Now we say $\delta = \frac {\epsilon}{2}$ , but why? I don't understand why we make them equal?

Answer 1

We're basically saying that, provided we make $\delta = \frac{\epsilon}{2}$, then that guarantees $f(x)$ will be within $\epsilon$ units of the limit. We could just as easily say $\delta < \frac{\epsilon}{2}$, but that would be extraneous, because we already have the condition that $|x - 1| < \delta$. We could also just as easily say $\delta = \frac{\epsilon}{3}$, which would certainly also guarantee $f(x)$ is close enough to the limit. It's just that we know setting $\delta = \frac{\epsilon}{2}$ will imply that we can get close enough to the limit. Using $\frac{\epsilon}{2}$ is better, because it is the greatest distance $x$ can be from $1$ while still guaranteeing $f(x)$ will be within $\epsilon$ of the limit.

So, if $\delta = \frac{\epsilon}{2}$, then $$0 < |x - 1| < \frac{\epsilon}{2} \implies |2x -1 -1| < \epsilon$$ which is what we're trying to show.

This is necessary, because it lets us know that we can get $f(x)$ as close to the limit as we want, provided $x$ is within half of the distance between $f(x)$ and the limit.
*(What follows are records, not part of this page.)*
(* Let $T>0$, $I=[0,T]$, $\nu_1,\nu_2\in\mathbb{R}$, $p>1$. Let $\Phi:\mathbb{R}\to\mathbb{R}$ be a strictly increasing homeomorphism; let $A:W^{1,p}(I)\to C(I,\mathbb{R})$, $x\mapsto A_x$, be continuous w.r.t. the uniform topology, with $h_1,h_2\in C(I,\mathbb{R})$, $h_1,h_2\ge0$, $1/h_1,1/h_2\in L^p(I)$ and $h_1(t)\le A_x(t)\le h_2(t)$ for all $x\in W^{1,p}(I)$, $t\in I$; let $F:W^{1,p}(I)\to L^1(I)$, $x\mapsto F_x$, be continuous with $|F_x(t)|\le\psi(t)$ for all $x$ and a.e. $t$, for some non-negative $\psi\in L^1(I)$. Set $\mathcal{F}_x(t):=\int_0^tF_x(s)\,ds$. Then for every $x\in W^{1,p}(I)$ there exists a unique $\xi_x\in\mathbb{R}$ such that $\int_0^T\frac{1}{A_x(t)}\Phi^{-1}(\xi_x+\mathcal{F}_x(t))\,dt=\nu_2-\nu_1$, and there exists a constant $\mathbf{c}_0>0$ such that $|\xi_x|\le\mathbf{c}_0$ for every $x\in W^{1,p}(I)$.
   Context: $W^{1,p}(I)$ is regarded as a subspace of $C(I,\mathbb{R})$; continuity of $A$ refers to the sup norm on both sides. *)

From HB Require Import structures.
From mathcomp Require Import all_boot all_order all_algebra.
From mathcomp Require Import all_classical all_reals all_analysis.
Set Implicit Arguments. Unset Strict Implicit. Unset Printing Implicit Defensive.
Import Order.TTheory GRing.Theory Num.Theory.
Import numFieldNormedType.Exports.
Local Open Scope classical_set_scope.
Local Open Scope ring_scope.

Notation leb R := (@lebesgue_measure R).

Definition Icc {R : realType} (T : R) : set R := `[0, T]%classic.

Definition in_Lp {R : realType} (T p : R) (g : R -> R) : Prop :=
  measurable_fun (Icc T) g /\
  (\int[leb R]_(t in (Icc T)) ((`|g t| `^ p)%R%:E) < +oo)%E.

Definition in_L1 {R : realType} (T : R) (g : R -> R) : Prop :=
  (leb R).-integrable (Icc T) (fun t => (g t)%:E).

(* x ∈ W^{1,p}(I), seen as a continuous function on I: x is the primitive
   of some L^p function g, i.e. x t = x 0 + \int_0^t g for t in I. *)
Definition W1p {R : realType} (T p : R) (x : R -> R) : Prop :=
  exists g : R -> R, in_Lp T p g /\
    forall t, 0 <= t <= T -> x t = x 0 + Rintegral (leb R) (Icc t) g.

Definition sup_close {R : realType} (T : R) (f g : R -> R) (d : R) : Prop :=
  forall t, 0 <= t <= T -> `|f t - g t| <= d.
It therefore shows that the limit exists, because we can get as close as we want to it.

Answer 2

Another way of saying $$ \lim_{x\to a}f(x)=b\tag{1} $$ is for all $\epsilon\gt0$, there is a $\delta\gt0$ so that for all $x$ such that $|x-a|\le\delta$, we have $|f(x)-b|\le\epsilon$.
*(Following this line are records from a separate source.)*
Lemma spectral_radius_le n (M : 'M[R]_n) (B : R) : 0 <= B ->
  (forall z, eigenvalue (cpx M) z -> z != 0 -> normc z <= B) -> spectral_radius M <= B.
Proof.
move=> B_ge0 bound; rewrite /spectral_radius; case: (closed_field_poly_normal _) => r /=.
rewrite (monicP (char_poly_monic _)) scale1r => charM.
rewrite big_seq_cond; apply: bigmax_le => // z /andP[zr _].
have [->|z_neq0] := eqVneq z 0; first by rewrite normc0.
by apply: bound z_neq0; rewrite eigenvalue_root_char charM root_prod_XsubC.
Qed.

Lemma spectral_radius_line_le n (M : 'M[R]_n) (l1 l2 g : R) :
  0 <= l1 -> l1 <= l2 -> l2 < 1 -> g = 2 / (2 - l2 - l1) ->
  (forall z, eigenvalue (cpx M) z -> z != 0 ->
     exists2 x : R, (z - (1 - (g%:C)%C)) / (g%:C)%C = (x%:C)%C & l1 <= x <= l2) ->
  spectral_radius M <= (l2 - l1) / (2 - l2 - l1).
Proof.
move=> l1_ge0 l12 l2_lt1 gE spec.
have u_gt0 : 0 < 2 - l2 - l1 by lra.
have g_neq0 : (g%:C)%C != 0 by rewrite fmorph_eq0 gE mulf_neq0 ?invr_eq0 ?gt_eqF.
apply: spectral_radius_le; first by rewrite divr_ge0 //; lra.
move=> z ez z_neq0; have [x zE x_in] := spec z ez z_neq0.
have -> : z = 1 - (g%:C)%C + (g%:C)%C * (x%:C)%C by rewrite -zE mulrC divfK // addrC subrK.
have -> : 1 - (g%:C)%C + (g%:C)%C * (x%:C)%C = ((1 - g + g * x)%:C)%C.
  by rewrite rmorphD rmorphB rmorph1 rmorphM.
by rewrite normc_real (line_spread_bound l1_ge0 x_in l2_lt1 gE).
Qed.

End SpectralRadius.

Section GdIterMx.
Variables (R : realType) (n1 n2 : nat) (Cm : 'M[R]_(n2, n1)).
Local Notation cpx M := (map_mx (fun x : R => (x%:C)%C) M).
Local Notation Cc := (cpx Cm).
Local Notation rho a b := (spectral_radius (gd_iter_mx Cm a b)).

Lemma map_gd_iter_mx (a b : R) :
  cpx (gd_iter_mx Cm a b) = gd_mx Cc (a%:C)%C (b%:C)%C.
Proof.
rewrite /gd_iter_mx /gd_mx map_block_mx !(map_mxD, map_mxZ, map_mxM, map_trmx, map_scalar_mx).
by rewrite !(rmorphB, rmorphN, rmorphM, rmorph1).
Qed.

Lemma gd_quad_real (a b l r : R) :
  gd_quad (a%:C)%C (b%:C)%C (l%:C)%C (r%:C)%C = ((gd_quad a b l r)%:C)%C.
Proof. by rewrite rmorph_gd_quad. Qed.

Lemma normc_CCt_root_le (a b l : R) (z : R[i]) :
  eigenvalue (Cc *m Cc^T) (l%:C)%C -> gd_quad (a%:C)%C (b%:C)%C (l%:C)%C z = 0 ->
  z != ((1 - a)%:C)%C -> normc z <= rho a b.
Proof.
move=> el qz z_neq; apply: normc_le_spectral_radius; rewrite map_gd_iter_mx.
by apply: eigenvalue_gd_mx_CCt el qz _; rewrite rmorphB rmorph1 in z_neq.
Qed.

Lemma normc_CtC_root_le (a b l : R) (z : R[i]) :
  eigenvalue (Cc^T *m Cc) (l%:C)%C -> gd_quad (a%:C)%C (b%:C)%C (l%:C)%C z = 0 ->
  z != ((1 - b + a * b * l)%:C)%C \/ (l != 0 /\ z != ((1 - a)%:C)%C) ->
  normc z <= rho a b.
Proof.
move=> el qz z_neq; apply: normc_le_spectral_radius; rewrite map_gd_iter_mx.
apply: eigenvalue_gd_mx_CtC el qz _; case: z_neq => [z_neq|[l_neq0 z_neq]].
  by left; rewrite !(rmorphD, rmorphN, rmorphM, rmorph1) in z_neq.
by right; split; [rewrite fmorph_eq0 | rewrite rmorphB rmorph1 in z_neq].
Qed.

Lemma spread_CCt_le_spectral_radius (l1 l2 a b : R) :
  eigenvalue (Cc *m Cc^T) (l1%:C)%C -> eigenvalue (Cc *m Cc^T) (l2%:C)%C ->
  0 <= l1 -> l1 <= l2 -> l2 < 1 -> 0 < a <= 1 -> 1 <= b ->
  (l2 - l1) / (2 - l2 - l1) <= rho a b.
Proof.
move=> e1 e2 l1_ge0 l12 l2_lt1 /andP[a_gt0 a_le1] b_ge1.
apply: (spread_le_of_gd_quad_roots (a := a) (b := b) l1_ge0 l12 l2_lt1 _ _
  (spectral_radius_ge0 _)).
- by rewrite mulr_gt0 //; lra.
- by rewrite mulr_ge0_le0 //; lra.
- move=> l2_gt0 r qr r_gt0; rewrite -[r]gtr0_norm // -normc_real.
  apply: normc_CCt_root_le e2 _ _; first by rewrite gd_quad_real qr.
  by rewrite (inj_eq (@complexI _)); apply: gd_quad_root_neq qr; rewrite gt_eqF //; lra.
move=> r qr r_lt0; rewrite -ltr0_norm // -normc_real.
apply: normc_CCt_root_le e1 _ _; first by rewrite gd_quad_real qr.
by rewrite (inj_eq (@complexI _)) lt_eqF //; lra.
Qed.

Lemma spread_CtC_le_spectral_radius (l1 l2 a b : R) :
  eigenvalue (Cc^T *m Cc) (l1%:C)%C -> eigenvalue (Cc^T *m Cc) (l2%:C)%C ->
  0 <= l1 -> l1 <= l2 -> l2 < 1 -> 1 <= a -> 0 < b <= 1 ->
  (l2 - l1) / (2 - l2 - l1) <= rho a b.
Proof.
move=> e1 e2 l1_ge0 l12 l2_lt1 a_ge1 /andP[b_gt0 b_le1].
apply: (spread_le_of_gd_quad_roots (a := a) (b := b) l1_ge0 l12 l2_lt1 _ _
  (spectral_radius_ge0 _)).
- by rewrite mulr_gt0 //; lra.
- by rewrite mulr_le0_ge0 //; lra.
- move=> l2_gt0 r qr r_gt0; rewrite -[r]gtr0_norm // -normc_real.
  apply: normc_CtC_root_le e2 _ _; first by rewrite gd_quad_real qr.
  right; split; first by rewrite gt_eqF.
  by rewrite (inj_eq (@complexI _)); apply: gd_quad_root_neq qr; rewrite gt_eqF //; lra.
move=> r qr r_lt0; rewrite -ltr0_norm // -normc_real.
apply: normc_CtC_root_le e1 _ _; first by rewrite gd_quad_real qr.
have abl_ge0 : 0 <= a * b * l1 by rewrite !mulr_ge0 //; lra.
by left; rewrite (inj_eq (@complexI _)) lt_eqF //; lra.
Qed.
To prove that this latter statement is true, we choose an arbitrary $\epsilon\gt0$, then try to find a $\delta$ (based on our choice of $\epsilon$) that satisfies $$ |x-a|\le\delta\implies|f(x)-b|\le\epsilon\tag{2} $$ In the case of $f(x)=2x-1$, and $a=1$ and $b=1$, for a given $\epsilon\gt0$, $\delta=\epsilon/2$ is a sufficiently small $\delta$ to satisfy $(2)$.